Much has been made of Ozempic face. The eponymous visage resulting from monthly injections of a weight-dissolving amino acid has generated endless fodder for social media and the tabloids, which have revelled in the grotesqueries of John Goodman, Robbie Williams and the poster child of the gaunt and ghostly look — Sharon Osbourne. There’s nothing quite as stimulating of schadenfreude as the tell-tale sagging of fat-starved skin, a calamity that might be rectified by fillers such as Sculptra and Restylane, by drinking two quarts of water a day, or, God forbid, by eating lunch.

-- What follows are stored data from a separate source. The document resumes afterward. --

Lemma sum_by_own_traj i nu K (Phi : seq (S i * A i) -> R) :
  \sum_(g : K.-tuple X) traj_prob nu g * Phi (map (own i) g) =
  \sum_(o : K.-tuple (S i * A i)) own_prob i (nu i) o * hidden_prob i nu K o * Phi o.
Proof.
transitivity (\sum_(g : K.-tuple X) \sum_(o : K.-tuple (S i * A i))
   ind (map (own i) g == o) * (own_prob i (nu i) o * mates_prob i nu g * Phi o)).
  apply: eq_bigr => g _; rewrite (traj_prob_own i).
  rewrite -(sum_ind_eq (map_tuple (own i) g)
    (fun o : K.-tuple _ => own_prob i (nu i) o * mates_prob i nu g * Phi o)) /=.
  by apply: eq_bigr => o _; rewrite eq_sym.
rewrite exchange_big /=; apply: eq_bigr => o _.
rewrite /hidden_prob mulr_sumr mulr_suml; apply: eq_bigr => g _; ring.
Qed.

Lemma sum_act_marg s i : \sum_(al : A i) act_marg s i al = 1.
Proof.
case: (pi_dist s) => _ <-.
by rewrite (sum_partition_ind (fun a : JA A => a i) (pi s)).
Qed.

(* Subadditivity of entropy: [H (pi s) <= \sum_i H (act_marg s i)]. *)
Lemma gibbs_act_marg s :
  0 <= \sum_(a : JA A) pi s a * (ln (pi s a) - \sum_i ln (act_marg s i (a i))).
Proof.
have marg_gt0 a : 0 < pi s a -> forall i, 0 < act_marg s i (a i).
  by move=> pi_gt0 i; apply: lt_le_trans pi_gt0 (pi_le_act_marg _ _ _).
have pi_eq0 a : ~~ (0 < pi s a) -> pi s a = 0.
  by rewrite -leNgt => pi_le0; apply/le_anti; rewrite pi_le0 pi_ge0.
rewrite (eq_bigr (fun a => pi s a * (ln (pi s a) - ln (\prod_i act_marg s i (a i))))); last first.
  move=> a _; have [pi_gt0|/pi_eq0->] := boolP (0 < pi s a); last by rewrite !mul0r.
  by rewrite ln_prod // => i; apply: marg_gt0.
apply: gibbs_inequality => [a|a pi_gt0|]; first exact: pi_ge0.
  by split=> //; apply: prodr_gt0 => i _; apply: marg_gt0.
apply: (@le_trans _ _ (\sum_(a : JA A) \prod_i act_marg s i (a i))).
  apply: ler_sum => a _; have [pi_gt0|/pi_eq0->] := boolP (0 < pi s a).
    by rewrite mulrC -mulrA mulVf ?mulr1 // gt_eqF.
  by rewrite mul0r; apply: prodr_ge0 => i _; apply: act_marg_ge0.
rewrite (sum_dffun_prod (fun i al => act_marg s i al)).
by case: (pi_dist s) => _ ->; rewrite big1 // => i _; apply: sum_act_marg.
Qed.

Despite the risk of public shame and the menace of non-reimbursable insurance cost ($1,349 a month for Wegovy and $1,060 a month for Zepbound), steep demand has sent the stock market valuations of Novo Nordisk and Eli Lilly through the stratosphere of the S&P 500. Not since the debut of Viagra has there been such hype in pharma, raising questions as to whether Eli Lilly and Novo Nordisk can produce enough of the magical elixir, as demand outstrips supply.

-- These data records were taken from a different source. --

(* Let $G\cong(\mathbb{C}^* )^N$ be an algebraic torus, $V,W$ finite-dimensional rational representations of $G$ with Hermitian norms, $v\in V\setminus\{0\}$, $w\in W\setminus\{0\}$, and $p_{w,v}(\sigma)=\log\frac{\|\sigma w\|^2}{\|w\|^2}-\log\frac{\|\sigma v\|^2}{\|v\|^2}$. Then there exists a sequence $\{\sigma_j\}\subset G$ with $p_{w,v}(\sigma_j)\to-\infty$ if and only if there exists an algebraic one-parameter subgroup $\lambda:\mathbb{C}^*\to G$ with $\lim_{|t|\to0}p_{w,v}(\lambda(t))=-\infty$. *)

From Stdlib Require Import Reals ZArith List.
Open Scope R_scope.

Record Cx := mkCx { Re : R; Im : R }.
Definition Cx0 : Cx := mkCx 0 0.
Definition Cx1 : Cx := mkCx 1 0.
Definition Cadd (a b : Cx) : Cx := mkCx (Re a + Re b) (Im a + Im b).
Definition Cmul (a b : Cx) : Cx :=
  mkCx (Re a * Re b - Im a * Im b) (Re a * Im b + Im a * Re b).
Definition Cconj (a : Cx) : Cx := mkCx (Re a) (- Im a).
Definition Cnorm2 (a : Cx) : R := Re a * Re a + Im a * Im a.
Definition Cabs (a : Cx) : R := sqrt (Cnorm2 a).
Definition Cinv (a : Cx) : Cx := mkCx (Re a / Cnorm2 a) (- Im a / Cnorm2 a).
Fixpoint Cpow (a : Cx) (n : nat) : Cx :=
  match n with O => Cx1 | S m => Cmul a (Cpow a m) end.
Definition CpowZ (a : Cx) (k : Z) : Cx :=
  match k with
  | Z0 => Cx1
  | Zpos p => Cpow a (Pos.to_nat p)
  | Zneg p => Cinv (Cpow a (Pos.to_nat p))
  end.
Fixpoint Csum (n : nat) (f : nat -> Cx) : Cx :=
  match n with O => Cx0 | S m => Cadd (Csum m f) (f m) end.
Fixpoint Cprod (n : nat) (f : nat -> Cx) : Cx :=
  match n with O => Cx1 | S m => Cmul (Cprod m f) (f m) end.

Definition in_torus (N : nat) (s : nat -> Cx) : Prop :=
  forall i, (i < N)%nat -> s i <> Cx0.
Definition tmul (s t : nat -> Cx) : nat -> Cx := fun i => Cmul (s i) (t i).
Definition tone : nat -> Cx := fun _ => Cx1.

(** Laurent monomial sigma^alpha and Laurent polynomials in N variables,
    i.e. regular functions on the torus *)
Definition monomial (N : nat) (s : nat -> Cx) (a : nat -> Z) : Cx :=
  Cprod N (fun i => CpowZ (s i) (a i)).
Definition laurentN := list (Cx * (nat -> Z)).
Definition evalN (N : nat) (P : laurentN) (s : nat -> Cx) : Cx :=
  fold_right (fun ca acc => Cadd (Cmul (fst ca) (monomial N s (snd ca))) acc) Cx0 P.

As competitors flood the field — most recently, Amgen’s MariTide, yet another semaglutide already in Phase 2 trials — Goldman Sachs analysts estimate that by 2030, the market for such drugs will be worth in excess of $100 billion. The lion’s share will be sold in America, where for hundreds of years the seemingly simple alternative — to eat or not to eat — has been a national obsession. Washington Irving, America’s first author whose fame crossed the Atlantic, invested a great deal of his literary capital describing the young republic’s utter lack of proportion when it came to food. His History of New York, published in 1809, asserted that the earliest political leadership of Manhattan was a Dutch “colony of huge feeders”, in which the burgomasters were “generally chosen by weight”. Their chieftains were “the best fed men in the community; feasting lustily on the fat things of the land, and gorging so heartily on oysters and turtles, that in process of time they acquire the activity of the one, the form, the waddle, and the green fat of the other”.

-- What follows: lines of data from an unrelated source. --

(* Let $l\in\mathbb N-\frac12$ and let $V$ be a simple weight $(\mathbb Ch+\tilde{\mathcal H}^{(l)})$-module on which $z$ acts as a nonzero scalar $\dot z$, such that $\mathrm{supp}(V)\subseteq\lambda+\mathbb Z$ for some $\lambda\in\mathbb C$ with $\dim V_\lambda<\infty$. (i) If $l=\frac12$, then $V$ is a highest weight module, or a lowest weight module, or $V$ is isomorphic to $D(a,\dot z)$ for some $a\in\mathbb C\setminus\mathbb Z$, where $h$ acts on $D(a,\dot z)$ by $hx^i=(\mu-i)x^i$ for some $\mu\in\mathbb C$. (ii) If $l\in\mathbb N+\frac12$ (i.e. $l\ge\frac32$), then $V$ is a highest weight module or a lowest weight module.
   Context: For $l\in\mathbb N-\frac12$, $\tilde{\mathcal H}^{(l)}$ has basis $p_0,\dots,p_{2l},z$ with $z$ central and $[p_k,p_{k'}]=\delta_{k+k',2l}(-1)^{k+l+\frac12}k!(2l-k)!\,z$; the Lie algebra $\mathbb Ch+\tilde{\mathcal H}^{(l)}$ has additionally $[h,p_k]=2(l-k)p_k$, $[h,z]=0$. A weight module is one on which $h$ acts diagonalizably; $V_\lambda=\{v:hv=\lambda v\}$, $\mathrm{supp}(V)=\{\lambda:V_\lambda\ne0\}$. A highest (resp. lowest) weight module is one generated by a weight vector annihilated by all $p_k$ with $k<l$ (resp. $k>l$). For $\dot z\ne0$ and $a\in\mathbb C$, $D(a,\dot z)$ is the $\tilde{\mathcal H}^{(1/2)}$-module $\mathbb C[x,x^{-1}]$ with $p_1x^i=x^{i+1}$, $p_0x^i=-\dot z(a+i)x^{i-1}$, $zx^i=\dot zx^i$ ($i\in\mathbb Z$). *)

From HB Require Import structures.
From mathcomp Require Import all_boot all_order all_algebra.
Set Implicit Arguments. Unset Strict Implicit. Unset Printing Implicit Defensive.
Import Order.TTheory GRing.Theory Num.Theory.
Local Open Scope ring_scope.

(* Throughout, l = n + 1/2 with n : nat, so 2l = 2n+1 = n.*2.+1,
   the basis of the Heisenberg part is p_0, ..., p_(2n+1), z, and h is the
   extra grading element. *)

Section Heisenberg.
Variables (C : numClosedFieldType) (V : lmodType C) (n : nat).
Variables (h z : {linear V -> V}) (p : nat -> {linear V -> V}).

Today, Americans are no less obsessed with weight. Such disses of the Dutch were the Federalist equivalent of present-day body-image disputes over Ozempic, typified by the hysterical row last month over Barbra Streisand’s intervention as to whether or not Melissa McCarthy was shooting up with the serum.

Despite the morass of scientific explainers, confessional essays and philosophical think pieces, all this food freak-out should be filed under “old news”. Americans have been gaining weight for as long as they have been trying to lose it. Indeed, a few hundred miles north of the turtle-gorging Dutch of Manhattan, the Puritans of Massachusetts were gauging their status as chosen people through their gastrointestinal tract, as Samuel Sewall’s noted in a diary entry from 1690: “Mr Torrey is for a fast or at least a fast first. Mr Willard for a Thanksgiving first. Mr Torrey fears lest a Thanksgiving should tend to harden people in their carnal confidence.”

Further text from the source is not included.